Very Respectfully, Pratik
This is incredible wisdom I was thinking about today. Thank you for looking way ahead for me. Although I was kind-of rudely snappy/out-of-place like a turtle haha... This is valuable to me now as I try to be better organized. Thank you for looking out Ram : )
Also this StackOverflow question/answer helped supplement your guidance to explain it to me like I am 5 : )
Glad it has been helpful, Pratik!

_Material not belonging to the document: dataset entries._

Lemma cyl_cons x l w : cyl (x :: l) w <-> w O = x /\ cyl l (shift w).
Proof.
  unfold cyl, shift; split.
  - intros H. split; [apply (H O); simpl; lia|]. intros i Hi. apply (H (S i)); simpl; lia.
  - intros [H0 H1] i Hi. destruct i; simpl; auto. apply H1. simpl in Hi; lia.
Qed.

Fixpoint cyl_inter (e c : list bool) : option (list bool) :=
  match e, c with
  | [], _ => Some c
  | _, [] => Some e
  | x :: e', y :: c' => if Bool.eqb x y then option_map (cons x) (cyl_inter e' c') else None
  end.

(* Disjoint cylinders whose union is [cyl e \ cyl c]. *)
Fixpoint cyl_diff (e c : list bool) : list (list bool) :=
  match c, e with
  | [], _ => []
  | y :: c', [] => [negb y] :: map (cons y) (cyl_diff [] c')
  | y :: c', x :: e' => if Bool.eqb x y then map (cons x) (cyl_diff e' c') else [e]
  end.

Lemma cyl_inter_spec e c w :
  cyl e w -> cyl c w -> exists i, cyl_inter e c = Some i /\ cyl i w.
Proof.
  revert c w. induction e as [|x e IH]; intros c w He Hc; [exists c; auto|].
  destruct c as [|y c]; [exists (x :: e); auto|].
  apply cyl_cons in He as [H1 H2]. apply cyl_cons in Hc as [H3 H4].
  destruct (IH c (shift w) H2 H4) as [i [Hi Hi2]].
  exists (x :: i). simpl. rewrite (proj2 (Bool.eqb_true_iff x y)) by congruence.
  rewrite Hi. split; [reflexivity | apply cyl_cons; auto].
Qed.

Lemma cyl_diff_spec e c w :
  cyl e w -> ~ cyl c w -> exists d, In d (cyl_diff e c) /\ cyl d w.
Proof.
  revert e w. induction c as [|y c IH]; intros e w He Hc; [exfalso; apply Hc, cyl_nil|].
  destruct e as [|x e].
  - destruct (Bool.bool_dec (w O) y) as [Hy|Hy].
    + assert (Hc' : ~ cyl c (shift w)) by (intros H; apply Hc, cyl_cons; auto).
      destruct (IH [] (shift w) (cyl_nil _) Hc') as [d [Hd1 Hd2]].
      exists (y :: d). split; [simpl; right; apply in_map; auto | apply cyl_cons; auto].
    + exists [negb y]. split; [simpl; auto|]. apply cyl_cons. split; [|apply cyl_nil].
      destruct (w O), y; simpl in *; congruence.
  - apply cyl_cons in He as [H1 H2]. simpl. destruct (Bool.eqb x y) eqn:Exy.
    + apply Bool.eqb_prop in Exy. subst.
      assert (Hc' : ~ cyl c (shift w)) by (intros H; apply Hc, cyl_cons; auto).
      destruct (IH e (shift w) H2 Hc') as [d [Hd1 Hd2]].
      exists (w O :: d). split; [apply in_map; auto | apply cyl_cons; auto].
    + exists (x :: e). split; [simpl; auto | apply cyl_cons; auto].
Qed.

Definition cyl_weight (l : list bool) : R := (/ 2) ^ length l.

Definition cyl_weight_opt (o : option (list bool)) : R :=
  match o with None => 0 | Some l => cyl_weight l end.

Fixpoint cyl_weight_sum (L : list (list bool)) : R :=
  match L with [] => 0 | d :: L' => cyl_weight d + cyl_weight_sum L' end.

Lemma cyl_weight_sum_map_cons y L : cyl_weight_sum (map (cons y) L) = / 2 * cyl_weight_sum L.
Proof. induction L as [|d L IH]; simpl; [lra|]. rewrite IH. unfold cyl_weight. simpl. lra. Qed.

Lemma cyl_weight_opt_map_cons y o : cyl_weight_opt (option_map (cons y) o) = / 2 * cyl_weight_opt o.
Proof. destruct o; simpl; [unfold cyl_weight; simpl|]; lra. Qed.

Lemma cyl_weight_inter_diff e c :
  cyl_weight_opt (cyl_inter e c) + cyl_weight_sum (cyl_diff e c) = cyl_weight e.
Proof.
  revert e. induction c as [|y c IH]; intros e; [destruct e; simpl; unfold cyl_weight; simpl; lra|].
  destruct e as [|x e].
  - simpl. rewrite cyl_weight_sum_map_cons. specialize (IH []).
    unfold cyl_weight_opt, cyl_weight in *. simpl in *. lra.
  - simpl. destruct (Bool.eqb x y); simpl; [|lra].
    rewrite cyl_weight_sum_map_cons, cyl_weight_opt_map_cons. specialize (IH e).
    unfold cyl_weight_opt, cyl_weight in *. simpl. lra.
Qed.

Lemma cyl_diff_length e c : (length (cyl_diff e c) <= length c)%nat.
Proof.
  revert e. induction c as [|y c IH]; intros e; simpl; [lia|].
  destruct e as [|x e]; simpl; [rewrite length_map; specialize (IH []); lia|].
  destruct (Bool.eqb x y); simpl; [rewrite length_map; specialize (IH e)|]; lia.
Qed.

Lemma fsum_cyl_weight_nth_error L K :
  (length L <= K)%nat -> fsum (fun t => cyl_weight_opt (nth_error L t)) K = cyl_weight_sum L.
Proof.
  revert K. induction L as [|d L IH]; intros K HK.
  - rewrite (fsum_ext _ (fun _ => 0)), fsum_const; [simpl; lra|]. intros [|i] _; reflexivity.
  - destruct K as [|K]; [simpl in HK; lia|].
    replace (S K) with (1 + K)%nat by lia. rewrite fsum_add. simpl in HK.
    simpl cyl_weight_sum. rewrite <- (IH K) by lia. simpl. lra.
Qed.

Definition caratheodory (A : Omega -> Prop) : Prop :=
  forall E : Omega -> Prop, Pr (fun w => E w /\ A w) + Pr (fun w => E w /\ ~ A w) <= Pr E.

Lemma divmod_block K j t : (t < K)%nat -> ((j * K + t) / K = j /\ (j * K + t) mod K = t)%nat.
Proof.
  intros H. assert (Hd : ((j * K + t) / K = j)%nat)
    by (rewrite Nat.div_add_l, Nat.div_small by lia; lia).
  split; auto. pose proof (Nat.div_mod_eq (j * K + t) K). rewrite Hd in *. lia.
Qed.

Definition cover_inter (s : nat -> option (list bool)) (c : list bool) (j : nat) :=
  match s j with Some e => cyl_inter e c | None => None end.

(* The pieces [cyl_diff e c] of the [j]-th cylinder [e] of [s] sit at the
   indices [j * K + t], [t < K := S (length c)]; they fit by [cyl_diff_length]. *)
Definition cover_diff (s : nat -> option (list bool)) (c : list bool) (k : nat) :=
  match s (k / S (length c))%nat with
  | Some e => nth_error (cyl_diff e c) (k mod S (length c)) | None => None end.

Lemma covers_inter s c E :
  covers E s -> covers (fun w => E w /\ cyl c w) (cover_inter s c).
Proof.
  intros Hs w [HE Hc]. destruct (Hs w HE) as [j [e [Hj He]]].
  destruct (cyl_inter_spec e c w He Hc) as [i [Hi1 Hi2]].
  exists j, i. unfold cover_inter. rewrite Hj. auto.
Qed.

Lemma covers_diff s c E :
  covers E s -> covers (fun w => E w /\ ~ cyl c w) (cover_diff s c).
Proof.
  intros Hs w [HE Hc]. destruct (Hs w HE) as [j [e [Hj He]]].
  destruct (cyl_diff_spec e c w He Hc) as [d [Hd1 Hd2]].
  destruct (In_nth_error _ _ Hd1) as [t Ht].
  assert (Htl : (t < S (length c))%nat).
  { assert (t < length (cyl_diff e c))%nat by (apply nth_error_Some; congruence).
    pose proof (cyl_diff_length e c). lia. }
  exists (j * S (length c) + t)%nat, d. unfold cover_diff.
  destruct (divmod_block _ j t Htl) as [-> ->]. rewrite Hj. auto.
Qed.

Lemma cover_sum_inter_diff s c J :
  cover_sum (cover_inter s c) J + fsum (cweight (cover_diff s c)) (S J * S (length c))
  = cover_sum s J.
Proof.
  unfold cover_sum. rewrite !sum_f_R0_fsum, fsum_block, <- fsum_plus.
  apply fsum_ext. intros j _.
  rewrite (fsum_ext _ (fun t => match s j with
                                | Some e => cyl_weight_opt (nth_error (cyl_diff e c) t)
                                | None => 0 end)).
  - unfold cover_inter, cweight. destruct (s j) as [e|]; [|rewrite fsum_const; simpl; lra].
    rewrite fsum_cyl_weight_nth_error; [apply cyl_weight_inter_diff|].
    pose proof (cyl_diff_length e c). lia.
  - intros t Ht. unfold cweight, cover_diff. destruct (divmod_block _ j t Ht) as [-> ->].
    destruct (s j); reflexivity.
Qed.

Lemma caratheodory_cyl c : caratheodory (cyl c).
Proof.
  intros E. apply le_epsilon. intros eps Heps.
  destruct (Pr_approx_cover E eps) as [s [Hs HsN]]; [lra|].
  assert (H2 : forall N,
             Pr (fun w => E w /\ ~ cyl c w) <= Pr E + eps - cover_sum (cover_inter s c) N).
  { intros N. apply (Pr_le_cover _ _ _ (covers_diff s c E Hs)). intros M.
    set (J := Nat.max M N).
    pose proof (cover_sum_inter_diff s c J). pose proof (HsN J).
    pose proof (cover_sum_le_mono (cover_inter s c) N J ltac:(lia)).
    assert (cover_sum (cover_diff s c) M <= fsum (cweight (cover_diff s c)) (S J * S (length c))).
    { unfold cover_sum. rewrite sum_f_R0_fsum.
      apply fsum_le_mono; [apply cweight_nonneg | nia]. }
    lra. }
  assert (H1 : Pr (fun w => E w /\ cyl c w) <= Pr E + eps - Pr (fun w => E w /\ ~ cyl c w)).
  { apply (Pr_le_cover _ _ _ (covers_inter s c E Hs)). intros N. specialize (H2 N). lra. }
  lra.
Qed.

Lemma caratheodory_ext (A B : Omega -> Prop) :
  caratheodory A -> (forall w, A w <-> B w) -> caratheodory B.
Proof.
  intros H HAB E.
  rewrite <- (Pr_ext (fun w => E w /\ A w) (fun w => E w /\ B w)) by firstorder.
  rewrite <- (Pr_ext (fun w => E w /\ ~ A w) (fun w => E w /\ ~ B w)) by firstorder.
  apply H.
Qed.

Lemma caratheodory_compl (A : Omega -> Prop) : caratheodory A -> caratheodory (fun w => ~ A w).
Proof.
  intros H E. rewrite (Pr_ext (fun w => E w /\ ~ ~ A w) (fun w => E w /\ A w)).
  - specialize (H E). lra.
  - intros w. split; [intros [H1 H2]; split; auto; apply NNPP; auto | tauto].
Qed.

I myself still stick to these rules to ensure easier context switching - loading an R project would bring all relevant scripts, files and plots into a sandbox that I can then play in.
Hi I have a similar problem like you Mr. Pratik Mehta... did you find out how to handle it and How to give count matrix to seurat as input ?
Hey yea, you just need to have your cells as columns and your genes as rows. The "meat" of the data frame should be your counts. This should be good to input into Seurat.